C.J. Cron is really starting to heat up.

Welcome to the Fantasy Baseball Risers and Fallers article for Week 19 (8/2 – 8/8). I will be covering some of the hottest and coldest players in baseball over the last week. This column aims to provide insight into the featured players’ success and/or struggles. We’ll try and discover if their recent performances have any staying power or if it was just a flash in the pan. The fantasy trade deadline is around the corner, and the race to the playoffs is heating up. Division races are getting tighter in Major League Baseball, and players that switched teams during the craziest trade deadline in recent memory are setting in with their new squads.
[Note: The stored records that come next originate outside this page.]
(* Let $r\ge 2$ and $m\ge 7$ be integers. Then for every integer $n\ge m-1$, $$F_{n+2^{m-6},r}\equiv F_{n,r}\pmod{2^m},$$ i.e. from the term of index $m-1$ onward the sequence $(F_{n,r}\bmod 2^m)_{n\ge0}$ is periodic with period $2^{m-6}$.
   Context: For positive integers $r\le m\le n$, $S_r(n,m)$ denotes the $r$-Stirling number of the second kind: the number of partitions of $\{1,\dots,n\}$ into $m$ non-empty blocks such that $1,\dots,r$ lie in pairwise distinct blocks. For a positive integer $r$ and integer $n\ge 0$, the $r$-Fubini number is $F_{n,r}=\sum_{k=0}^{n}(k+r)!\,S_r(n+r,k+r)$. *)

From mathcomp Require Import all_boot.
Set Implicit Arguments. Unset Strict Implicit. Unset Printing Implicit Defensive.

(* r-Stirling number of the second kind S_r(n,m): number of partitions of
   {1,..,n} (here modelled as 'I_n = {0,..,n-1}, elements 1..r become 0..r-1)
   into m non-empty blocks such that the first r elements lie in pairwise
   distinct blocks. *)
Definition rstirling2 (r n m : nat) : nat :=
  #|[set P : {set {set 'I_n}} |
      [&& partition P [set: 'I_n], #|P| == m &
       [forall i : 'I_n, forall j : 'I_n,
          [&& (i < r)%N, (j < r)%N & i != j] ==> (pblock P i != pblock P j)]]]|.

Definition rfubini (n r : nat) : nat :=
  \sum_(0 <= k < n.+1) (k + r)`! * rstirling2 r (n + r) (k + r).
It’s more important than ever to pay attention to the happenings all around MLB even though we’re still in the “dog days” of mid-August. NFL training camp has begun, and pre-draft fantasy football coverage is well underway, so it can be easy to lose track of fantasy baseball. Casual managers have most likely checked out by now, but if you can’t get enough of this stuff, then you’re probably reading this article. Experienced and competitive managers (like you) know that this is the time to hunker down and focus with the playoffs just a few weeks away. This is where we separate the serious from the casual. It’s important to pay attention to which players are “rising” and which ones are “falling.” That way, we’ll know who to target and avoid in any last-minute trades as we try to bolster our teams for a playoff push.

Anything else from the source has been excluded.